**Requirement:** Every line below from the one containing "match n with" through the one containing "- destruct (IH" must be transcribed exactly. Omit all lines outside that stretch.

**Entries provided:**
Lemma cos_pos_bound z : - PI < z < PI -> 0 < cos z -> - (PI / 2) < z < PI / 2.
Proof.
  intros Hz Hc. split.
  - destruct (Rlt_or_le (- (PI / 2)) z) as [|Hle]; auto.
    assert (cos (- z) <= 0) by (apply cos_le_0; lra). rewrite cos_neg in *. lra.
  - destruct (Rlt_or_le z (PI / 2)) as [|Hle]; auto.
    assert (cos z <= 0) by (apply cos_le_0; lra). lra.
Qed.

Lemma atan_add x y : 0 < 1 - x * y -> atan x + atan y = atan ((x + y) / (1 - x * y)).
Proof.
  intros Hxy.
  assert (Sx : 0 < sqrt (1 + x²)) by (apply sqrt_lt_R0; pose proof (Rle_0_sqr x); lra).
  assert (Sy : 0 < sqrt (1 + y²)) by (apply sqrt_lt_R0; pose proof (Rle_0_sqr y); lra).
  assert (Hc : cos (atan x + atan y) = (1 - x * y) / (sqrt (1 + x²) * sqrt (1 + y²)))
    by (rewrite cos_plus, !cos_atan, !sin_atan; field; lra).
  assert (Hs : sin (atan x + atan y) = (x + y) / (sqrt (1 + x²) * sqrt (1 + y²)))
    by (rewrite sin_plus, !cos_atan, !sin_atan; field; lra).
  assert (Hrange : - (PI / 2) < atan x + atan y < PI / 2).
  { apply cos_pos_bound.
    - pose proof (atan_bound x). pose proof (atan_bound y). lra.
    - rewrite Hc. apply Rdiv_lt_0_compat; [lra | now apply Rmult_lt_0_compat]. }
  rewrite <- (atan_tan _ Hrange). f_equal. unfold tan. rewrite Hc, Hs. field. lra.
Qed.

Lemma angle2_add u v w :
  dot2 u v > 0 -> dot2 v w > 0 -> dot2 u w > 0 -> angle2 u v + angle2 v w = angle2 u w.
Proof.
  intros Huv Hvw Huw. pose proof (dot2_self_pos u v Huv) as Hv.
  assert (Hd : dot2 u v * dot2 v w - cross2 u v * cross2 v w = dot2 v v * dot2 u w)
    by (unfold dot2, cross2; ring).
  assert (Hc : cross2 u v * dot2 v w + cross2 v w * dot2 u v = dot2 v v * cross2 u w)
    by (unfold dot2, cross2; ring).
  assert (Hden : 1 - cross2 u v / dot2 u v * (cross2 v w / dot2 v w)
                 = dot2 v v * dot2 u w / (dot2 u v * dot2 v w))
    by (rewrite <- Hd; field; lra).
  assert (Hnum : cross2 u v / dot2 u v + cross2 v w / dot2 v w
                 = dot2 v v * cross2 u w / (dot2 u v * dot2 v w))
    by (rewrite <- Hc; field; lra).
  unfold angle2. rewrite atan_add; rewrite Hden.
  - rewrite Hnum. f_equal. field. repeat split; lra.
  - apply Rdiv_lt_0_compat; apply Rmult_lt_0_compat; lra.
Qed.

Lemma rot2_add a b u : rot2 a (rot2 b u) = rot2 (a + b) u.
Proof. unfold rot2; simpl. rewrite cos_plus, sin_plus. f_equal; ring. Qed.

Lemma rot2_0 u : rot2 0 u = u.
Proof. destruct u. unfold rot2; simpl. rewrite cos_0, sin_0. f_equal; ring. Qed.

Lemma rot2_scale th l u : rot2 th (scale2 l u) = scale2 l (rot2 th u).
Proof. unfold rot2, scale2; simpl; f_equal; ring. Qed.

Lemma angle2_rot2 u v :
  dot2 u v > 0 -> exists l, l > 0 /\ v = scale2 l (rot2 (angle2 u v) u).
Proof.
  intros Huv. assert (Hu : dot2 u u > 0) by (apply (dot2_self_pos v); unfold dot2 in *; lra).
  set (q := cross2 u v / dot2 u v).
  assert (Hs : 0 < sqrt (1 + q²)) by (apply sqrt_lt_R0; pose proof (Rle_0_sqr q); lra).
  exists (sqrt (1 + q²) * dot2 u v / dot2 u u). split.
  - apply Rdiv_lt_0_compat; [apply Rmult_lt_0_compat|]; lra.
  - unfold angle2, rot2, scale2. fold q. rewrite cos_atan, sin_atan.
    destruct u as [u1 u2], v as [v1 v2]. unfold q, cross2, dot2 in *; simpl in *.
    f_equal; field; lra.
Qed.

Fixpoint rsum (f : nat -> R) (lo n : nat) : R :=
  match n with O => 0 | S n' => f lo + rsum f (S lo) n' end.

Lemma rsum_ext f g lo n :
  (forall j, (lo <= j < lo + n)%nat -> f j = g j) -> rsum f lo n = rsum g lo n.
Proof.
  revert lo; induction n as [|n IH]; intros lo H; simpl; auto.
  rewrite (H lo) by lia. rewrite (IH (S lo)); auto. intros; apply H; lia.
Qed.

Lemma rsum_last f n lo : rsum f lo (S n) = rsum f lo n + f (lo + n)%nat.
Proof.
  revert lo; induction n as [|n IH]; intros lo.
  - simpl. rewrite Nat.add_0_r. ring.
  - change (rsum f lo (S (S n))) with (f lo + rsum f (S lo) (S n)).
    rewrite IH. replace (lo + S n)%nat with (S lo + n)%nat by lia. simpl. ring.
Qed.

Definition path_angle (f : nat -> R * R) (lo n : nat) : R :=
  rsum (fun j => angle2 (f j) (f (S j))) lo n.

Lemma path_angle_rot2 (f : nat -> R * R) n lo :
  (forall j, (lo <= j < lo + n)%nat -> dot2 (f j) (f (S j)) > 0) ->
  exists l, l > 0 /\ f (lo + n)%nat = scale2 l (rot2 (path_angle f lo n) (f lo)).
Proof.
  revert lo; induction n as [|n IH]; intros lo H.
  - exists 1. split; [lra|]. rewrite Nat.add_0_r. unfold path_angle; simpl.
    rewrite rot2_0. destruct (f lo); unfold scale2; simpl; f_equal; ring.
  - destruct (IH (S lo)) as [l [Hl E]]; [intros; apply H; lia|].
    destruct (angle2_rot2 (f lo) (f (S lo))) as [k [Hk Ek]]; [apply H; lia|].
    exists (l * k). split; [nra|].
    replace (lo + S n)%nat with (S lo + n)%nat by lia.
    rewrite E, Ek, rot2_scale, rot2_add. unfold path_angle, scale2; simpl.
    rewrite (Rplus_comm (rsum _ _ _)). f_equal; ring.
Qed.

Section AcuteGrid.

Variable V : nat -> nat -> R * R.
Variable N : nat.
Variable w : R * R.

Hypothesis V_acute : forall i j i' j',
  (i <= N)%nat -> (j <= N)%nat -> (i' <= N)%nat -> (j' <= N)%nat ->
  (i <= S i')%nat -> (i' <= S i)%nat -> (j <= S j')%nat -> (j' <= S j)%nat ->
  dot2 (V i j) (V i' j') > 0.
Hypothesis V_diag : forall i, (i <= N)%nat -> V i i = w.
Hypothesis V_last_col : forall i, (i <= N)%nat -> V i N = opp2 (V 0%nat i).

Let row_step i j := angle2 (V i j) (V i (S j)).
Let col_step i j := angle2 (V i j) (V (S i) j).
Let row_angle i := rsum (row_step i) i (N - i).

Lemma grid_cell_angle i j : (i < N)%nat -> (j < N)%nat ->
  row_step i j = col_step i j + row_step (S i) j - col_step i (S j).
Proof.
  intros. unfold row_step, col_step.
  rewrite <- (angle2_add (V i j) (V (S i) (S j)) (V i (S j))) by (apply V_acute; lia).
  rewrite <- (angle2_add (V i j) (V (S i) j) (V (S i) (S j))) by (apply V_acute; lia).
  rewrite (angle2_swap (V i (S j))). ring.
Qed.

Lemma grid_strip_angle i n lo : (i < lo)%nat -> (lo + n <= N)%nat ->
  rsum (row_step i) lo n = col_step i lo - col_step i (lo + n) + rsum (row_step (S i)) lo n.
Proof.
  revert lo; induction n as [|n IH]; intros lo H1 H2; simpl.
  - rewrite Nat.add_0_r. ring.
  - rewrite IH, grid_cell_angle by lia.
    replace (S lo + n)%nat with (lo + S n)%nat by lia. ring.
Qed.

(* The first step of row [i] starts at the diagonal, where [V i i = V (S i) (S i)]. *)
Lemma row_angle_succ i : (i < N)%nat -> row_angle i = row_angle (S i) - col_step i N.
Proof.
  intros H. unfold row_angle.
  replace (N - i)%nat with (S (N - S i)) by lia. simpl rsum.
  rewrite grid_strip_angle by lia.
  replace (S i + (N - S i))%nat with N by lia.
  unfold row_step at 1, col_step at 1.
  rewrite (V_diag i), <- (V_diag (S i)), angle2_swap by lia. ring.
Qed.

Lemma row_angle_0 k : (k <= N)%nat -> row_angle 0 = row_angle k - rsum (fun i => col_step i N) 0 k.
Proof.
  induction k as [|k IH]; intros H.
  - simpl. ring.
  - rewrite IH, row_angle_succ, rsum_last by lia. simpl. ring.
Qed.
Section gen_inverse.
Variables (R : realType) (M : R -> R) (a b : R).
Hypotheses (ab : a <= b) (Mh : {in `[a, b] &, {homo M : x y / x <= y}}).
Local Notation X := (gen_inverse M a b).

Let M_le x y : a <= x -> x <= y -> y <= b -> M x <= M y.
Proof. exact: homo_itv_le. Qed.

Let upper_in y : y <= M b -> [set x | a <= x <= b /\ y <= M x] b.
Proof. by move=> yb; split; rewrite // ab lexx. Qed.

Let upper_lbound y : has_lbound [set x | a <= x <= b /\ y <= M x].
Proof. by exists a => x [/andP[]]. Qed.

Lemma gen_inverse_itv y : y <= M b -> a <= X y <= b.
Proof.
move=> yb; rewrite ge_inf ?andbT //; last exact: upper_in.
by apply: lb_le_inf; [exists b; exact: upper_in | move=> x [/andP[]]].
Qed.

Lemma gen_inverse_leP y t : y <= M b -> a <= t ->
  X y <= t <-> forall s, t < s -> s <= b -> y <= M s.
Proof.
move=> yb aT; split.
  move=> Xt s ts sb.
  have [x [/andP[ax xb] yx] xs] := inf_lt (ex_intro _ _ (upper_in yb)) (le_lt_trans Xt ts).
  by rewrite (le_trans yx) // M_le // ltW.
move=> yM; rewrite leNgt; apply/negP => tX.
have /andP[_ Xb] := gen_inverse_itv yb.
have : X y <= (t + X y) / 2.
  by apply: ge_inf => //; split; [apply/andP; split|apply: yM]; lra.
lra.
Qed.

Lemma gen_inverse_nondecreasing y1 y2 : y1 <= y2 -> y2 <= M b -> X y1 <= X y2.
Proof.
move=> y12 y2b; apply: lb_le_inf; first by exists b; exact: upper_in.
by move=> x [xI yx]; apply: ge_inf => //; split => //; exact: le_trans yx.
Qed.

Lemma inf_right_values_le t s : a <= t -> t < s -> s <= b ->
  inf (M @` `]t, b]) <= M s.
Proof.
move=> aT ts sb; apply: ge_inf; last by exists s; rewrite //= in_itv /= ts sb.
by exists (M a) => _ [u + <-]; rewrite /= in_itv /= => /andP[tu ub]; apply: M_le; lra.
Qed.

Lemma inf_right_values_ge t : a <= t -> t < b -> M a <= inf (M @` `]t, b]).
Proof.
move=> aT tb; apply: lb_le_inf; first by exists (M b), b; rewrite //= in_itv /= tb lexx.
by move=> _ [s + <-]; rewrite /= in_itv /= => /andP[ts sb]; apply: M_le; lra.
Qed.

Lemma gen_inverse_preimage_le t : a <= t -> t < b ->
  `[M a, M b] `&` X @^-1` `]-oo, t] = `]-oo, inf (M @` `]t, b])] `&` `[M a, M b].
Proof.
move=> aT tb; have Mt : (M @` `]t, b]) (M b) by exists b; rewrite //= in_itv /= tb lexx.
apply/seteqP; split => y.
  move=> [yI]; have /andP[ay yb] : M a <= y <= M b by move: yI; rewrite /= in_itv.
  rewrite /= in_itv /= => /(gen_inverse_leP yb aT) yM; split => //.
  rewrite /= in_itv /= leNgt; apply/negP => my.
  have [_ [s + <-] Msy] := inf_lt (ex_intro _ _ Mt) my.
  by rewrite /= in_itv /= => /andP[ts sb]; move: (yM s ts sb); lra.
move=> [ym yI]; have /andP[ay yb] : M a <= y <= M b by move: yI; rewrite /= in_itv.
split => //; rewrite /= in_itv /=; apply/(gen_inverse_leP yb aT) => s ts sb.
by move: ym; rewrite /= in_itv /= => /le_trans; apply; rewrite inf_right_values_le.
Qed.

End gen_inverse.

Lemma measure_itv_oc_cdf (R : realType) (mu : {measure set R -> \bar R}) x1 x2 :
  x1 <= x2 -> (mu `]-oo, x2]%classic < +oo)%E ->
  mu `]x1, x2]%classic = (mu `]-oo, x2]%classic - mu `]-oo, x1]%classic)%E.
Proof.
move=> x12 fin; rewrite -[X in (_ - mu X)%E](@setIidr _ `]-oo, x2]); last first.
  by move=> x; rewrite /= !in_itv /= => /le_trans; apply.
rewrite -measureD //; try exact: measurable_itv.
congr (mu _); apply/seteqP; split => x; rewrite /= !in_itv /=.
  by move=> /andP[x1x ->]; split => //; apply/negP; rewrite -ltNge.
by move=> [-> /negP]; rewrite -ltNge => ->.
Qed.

**Answer area:**
  match n with O => 0 | S n' => f lo + rsum f (S lo) n' end.

Lemma rsum_ext f g lo n :
  (forall j, (lo <= j < lo + n)%nat -> f j = g j) -> rsum f lo n = rsum g lo n.
Proof.
  revert lo; induction n as [|n IH]; intros lo H; simpl; auto.
  rewrite (H lo) by lia. rewrite (IH (S lo)); auto. intros; apply H; lia.
Qed.

Lemma rsum_last f n lo : rsum f lo (S n) = rsum f lo n + f (lo + n)%nat.
Proof.
  revert lo; induction n as [|n IH]; intros lo.
  - simpl. rewrite Nat.add_0_r. ring.
  - change (rsum f lo (S (S n))) with (f lo + rsum f (S lo) (S n)).
    rewrite IH. replace (lo + S n)%nat with (S lo + n)%nat by lia. simpl. ring.
Qed.

Definition path_angle (f : nat -> R * R) (lo n : nat) : R :=
  rsum (fun j => angle2 (f j) (f (S j))) lo n.

Lemma path_angle_rot2 (f : nat -> R * R) n lo :
  (forall j, (lo <= j < lo + n)%nat -> dot2 (f j) (f (S j)) > 0) ->
  exists l, l > 0 /\ f (lo + n)%nat = scale2 l (rot2 (path_angle f lo n) (f lo)).
Proof.
  revert lo; induction n as [|n IH]; intros lo H.
  - exists 1. split; [lra|]. rewrite Nat.add_0_r. unfold path_angle; simpl.
    rewrite rot2_0. destruct (f lo); unfold scale2; simpl; f_equal; ring.
  - destruct (IH (S lo)) as [l [Hl E]]; [intros; apply H; lia|].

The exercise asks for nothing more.